Lemma along_trajectory_nhomo (g : R -> 'rV[R]_N) (phi : R -> R) a b :
  (forall x y, a <= x -> x <= y -> y <= b -> phi y <= phi x) ->
  (forall x, a <= x <= b -> g x = H 0 (phi x)) -> phi b = 0 -> phi a <= 1 ->
  (curve_length g a b <= W%:E)%E.
Proof.
move=> phi_nhomo gE phi_b phi_a.
apply: le_trans (curve_length_comp_nhomo phi_nhomo gE) _.
by rewrite phi_b; apply: le_trans (le_curve_length_r _ _ phi_a) trajectory_le.
Qed.

Lemma based_homotopy_length_lower u : 0 <= u -> 2 * u <= 1 ->
  (curve_length (based_homotopy ^~ u) 0 1 <= (L + 2 * W)%:E)%E.
Proof.
move=> u0 u_half; have u01 : 0 <= u <= 1 by apply/andP; split; lra.
have cut1 : 0 <= u / 2 by lra.
have cut2 : u / 2 <= 1 - u / 2 by lra.
have cut3 : 1 - u / 2 <= 1 by lra.
rewrite (_ : L + 2 * W = W + (L + W)); last by ring.
apply: le_trans (curve_length_le_cat _ cut1 (le_trans cut2 cut3)) _.
rewrite EFinD; apply: leeD.
  apply: (along_trajectory_homo (phi := fun x => 4 * x)) => /=; last 2 first.
  - by rewrite mulr0.
  - lra.
  - by move=> x y _ xy _; lra.
  move=> x /andP[? ?]; rewrite based_homotopy_outer //.
  - by congr (H 0 _); rewrite /retract_param; case_min; lra.
  - by apply/andP; split; lra.
  - by apply/or3P; constructor 2; lra.
apply: le_trans (curve_length_le_cat _ cut2 cut3) _.
rewrite EFinD; apply: leeD.
  have d_gt0 : 0 < 2 - 2 * u by lra.
  have param_homo x y : u / 2 <= x -> x <= y -> y <= 1 - u / 2 ->
      curve_param x u <= curve_param y u.
    by move=> _ xy _; rewrite /curve_param ler_pM2r ?invr_gt0 //; lra.
  have middleE x : u / 2 <= x <= 1 - u / 2 ->
      based_homotopy x u = H (curve_param x u) (2 * u).
    by move=> /andP[? ?]; rewrite /based_homotopy ifT //; apply/and3P; split; lra.
  apply: le_trans (curve_length_comp_homo (f := H ^~ (2 * u)) param_homo middleE) _.
  rewrite /curve_param (_ : 2 * (u / 2) - u = 0) ?mul0r; last lra.
  rewrite (_ : 2 * (1 - u / 2) - u = 2 - 2 * u) ?divff ?lt0r_neq0 //; last lra.
  by apply: curves_le; apply/andP; split; lra.
apply: (along_trajectory_nhomo (phi := fun x => 4 - 4 * x)) => /=; last 2 first.
- by rewrite mulr1 subrr.
- lra.
- by move=> x y _ xy _; lra.
move=> x /andP[? ?]; rewrite based_homotopy_outer //.
- by congr (H 0 _); rewrite /retract_param; case_min; lra.
- by apply/andP; split; lra.
- by apply/or3P; constructor 3; lra.
Qed.
Lemma Cexp_eq1_small (z : C) : (Cmod z < 1)%R -> Cexp z = 1 -> z = 0.
Proof.
  destruct z as [x y]; intros Hz E.
  assert (Hy : (Rabs y < 1)%R).
  { pose proof (Rmax_Cmod (x, y)); pose proof (Rmax_r (Rabs x) (Rabs y)); simpl in *; lra. }
  unfold Cexp in E; simpl in E; injection E as Ecos Esin.
  pose proof (exp_pos x).
  assert (Hsin : sin y = 0%R) by (destruct (Rmult_integral _ _ Esin); auto; lra).
  assert (y = 0%R).
  { pose proof PI2_3_2; apply Rabs_def2 in Hy.
    destruct (Rtotal_order y 0) as [Hneg|[Hzero|Hpos]]; auto; exfalso.
    - pose proof (sin_gt_0 (- y)); rewrite sin_neg in *; lra.
    - pose proof (sin_gt_0 y); lra. }
  subst y; rewrite cos_0, Rmult_1_r, <- exp_0 in Ecos.
  apply exp_inv in Ecos; now subst.
Qed.

Lemma Cexp_twist_odd_iff (u p q : C) : Cexp u <> 1 ->
  q = p * Cexp u <-> (Cexp (- u) - 1) * q = - ((Cexp u - 1) * p).
Proof.
  intros Hu; pose proof (Cexp_opp_r u) as Einv; split.
  - intros ->.
    transitivity (p * (Cexp u * Cexp (- u)) - p * Cexp u); [ring|].
    rewrite Einv; ring.
  - intros Hodd.
    assert (Hfac : (Cexp u - 1) * (q - p * Cexp u) = 0).
    { transitivity (- Cexp u * ((Cexp (- u) - 1) * q + (Cexp u - 1) * p)
                    + (Cexp u * Cexp (- u) - 1) * q); [ring|].
      rewrite Hodd, Einv; ring. }
    apply Cmult_eq0_r in Hfac.
    + replace q with (q - p * Cexp u + p * Cexp u) by ring; rewrite Hfac; ring.
    + intros E; apply Hu; replace (Cexp u) with (Cexp u - 1 + 1) by ring; rewrite E; ring.
Qed.

Lemma ex_derive_continuous_near0 (h : C -> C) : ex_derive (K := C_AbsRing) (V := C_NormedModule) h (RtoC 0) ->
  forall eps : R, (0 < eps)%R -> near0 (fun t => (Cmod (h t - h 0) < eps)%R).
Proof.
  intros Hh eps Heps.
  destruct (ex_derive_continuous h (RtoC 0) Hh (ball_norm (h 0) (mkposreal eps Heps)))
    as [d Hd].
  - apply (locally_le_locally_norm (K := C_AbsRing) (V := C_NormedModule)).
    apply locally_norm_ball_norm.
  - exists d; split; [apply cond_pos|]; intros t Ht; apply Hd.
    change (Cmod (t - 0) < d)%R; now replace (t - 0) with t by ring.
Qed.

Lemma ex_derive_vanish_small (h : C -> C) :
  ex_derive (K := C_AbsRing) (V := C_NormedModule) h (RtoC 0) -> h 0 = 0 ->
  forall eps : R, (0 < eps)%R -> near0 (fun t => (Cmod (h t) < eps)%R).
Proof.
  intros Hh H0 eps Heps; apply (near0_mp _ _ (ex_derive_continuous_near0 h Hh eps Heps)), near0_all.
  intros t; now rewrite H0; replace (h t - 0) with (h t) by ring.
Qed.

Lemma near0_Cmult_small (c : C) (h : C -> C) :
  (forall eps : R, (0 < eps)%R -> near0 (fun t => (Cmod (h t) < eps)%R)) ->
  near0 (fun t => (Cmod (c * h t) < 1)%R).
Proof.
  intros Hh; pose proof (Cmod_ge_0 c).
  apply (near0_mp _ _ (Hh (/ (Cmod c + 1))%R ltac:(apply Rinv_0_lt_compat; lra))), near0_all.
  intros t Ht; rewrite Cmod_mult.
  apply (Rmult_lt_compat_l (Cmod c + 1)) in Ht; [|lra].
  rewrite Rinv_r in Ht; [|lra].
  pose proof (Cmod_ge_0 (h t)); nra.
Qed.

Lemma near0_neq0 (h : C -> C) : ex_derive (K := C_AbsRing) (V := C_NormedModule) h (RtoC 0) ->
  h 0 <> 0 -> near0 (fun t => h t <> 0).
Proof.
  intros Hh H0.
  apply (near0_mp _ _ (ex_derive_continuous_near0 h Hh (Cmod (h 0)) (proj1 (Cmod_gt_0 _) H0))), near0_all.
  intros t Ht E; rewrite E in Ht; replace (0 - h 0) with (- h 0) in Ht by ring.
  rewrite Cmod_opp in Ht; lra.
Qed.

Lemma is_derive_isolated_value (g : C -> C) (l : C) :
  is_derive (K := C_AbsRing) (V := C_NormedModule) g (RtoC 0) l -> l <> 0 ->
  near0 (fun t => g t = g 0 -> t = 0).
Proof.
  intros [_ Hd] Hl.
  pose proof (proj1 (Cmod_gt_0 _) Hl) as Hlpos.
  destruct (Hd (RtoC 0) (fun Q HQ => HQ) (mkposreal (Cmod l / 2) ltac:(simpl; lra))) as [d Hd'].
  exists d; split; [apply cond_pos|]; intros t Ht E.
  assert (Hb : ball (M := AbsRing_UniformSpace C_AbsRing) (RtoC 0) d t)
    by (change (Cmod (t - 0) < d)%R; now replace (t - 0) with t by ring).
  specialize (Hd' t Hb); simpl in Hd'.
  change (Cmod (g t - g 0 - (t - 0) * l) <= Cmod l / 2 * Cmod (t - 0))%R in Hd'.
  rewrite E in Hd'; replace (t - 0) with t in Hd' by ring.
  replace (g 0 - g 0 - t * l) with (- (t * l)) in Hd' by ring.
  rewrite Cmod_opp, Cmod_mult in Hd'.
  apply Cmod_eq_0; pose proof (Cmod_ge_0 t); nra.
Qed.

Section Reflection.

Variables (f g : C -> C) (a : C).

Lemma generating_reflection_iff :
  near0 (fun t => f t <> 0) -> near0 (fun t => (Cmod (g t) < / 2)%R) ->
  (forall x, near0 (fun t => f t * Cexp ((a - x) * g t) = f (- t) * Cexp (x * g (- t)))) <->
  near0 (fun t => g (- t) = - g t /\ f (- t) = f t * Cexp (a * g t)).
Proof.
  intros Hf Hg; split.
  - intros HF.
    apply (near0_mp _ _ (HF 0)), (near0_mp _ _ (HF 1)), (near0_mp _ _ Hf),
      (near0_mp _ _ Hg), (near0_mp _ _ (near0_opp _ Hg)), near0_all.
    intros t Hgopp Hgt Hft E1 E0.
    assert (Hrefl : f (- t) = f t * Cexp (a * g t)).
    { replace (a - 0) with a in E0 by ring; replace (0 * g (- t)) with (RtoC 0) in E0 by ring.
      rewrite E0, Cexp_0; ring. }
    split; [|exact Hrefl].
    rewrite Hrefl, <- Cmult_assoc in E1; apply Cmult_cancel_l in E1; [|exact Hft].
    (* [e^{g(t) + g(-t)} = 1] with [g(t) + g(-t)] small forces [g(-t) = - g(t)]. *)
    assert (Hsum : Cexp (g t + g (- t)) = 1).
    { replace (g t + g (- t)) with ((a * g t + 1 * g (- t)) + - ((a - 1) * g t)) by ring.
      rewrite !Cexp_add, <- E1; apply Cexp_opp_r. }
    apply Cexp_eq1_small in Hsum.
    + replace (g (- t)) with (g t + g (- t) - g t) by ring; rewrite Hsum; ring.
    + pose proof (Cmod_triangle (g t) (g (- t))); lra.
  - intros Hrefl x; apply (near0_mp _ _ Hrefl), near0_all; intros t [Hodd Href].
    rewrite Hodd, Href, <- Cmult_assoc, <- Cexp_add; do 2 f_equal; ring.
Qed.

Hypothesis a_neq0 : a <> 0.
Hypothesis g0 : g 0 = 0.
Hypothesis g_isolated : near0 (fun t => g t = g 0 -> t = 0).
Hypothesis ag_small : near0 (fun t => (Cmod (a * g t) < 1)%R).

=====

Exercise: Lines to set down from above: the line with "destruct z as [x y]; intros Hz E.", the line with "pose proof (exp_pos x).", and every line between, each exactly as written.

Solution to the problem:
  destruct z as [x y]; intros Hz E.
  assert (Hy : (Rabs y < 1)%R).
  { pose proof (Rmax_Cmod (x, y)); pose proof (Rmax_r (Rabs x) (Rabs y)); simpl in *; lra. }
  unfold Cexp in E; simpl in E; injection E as Ecos Esin.
  pose proof (exp_pos x).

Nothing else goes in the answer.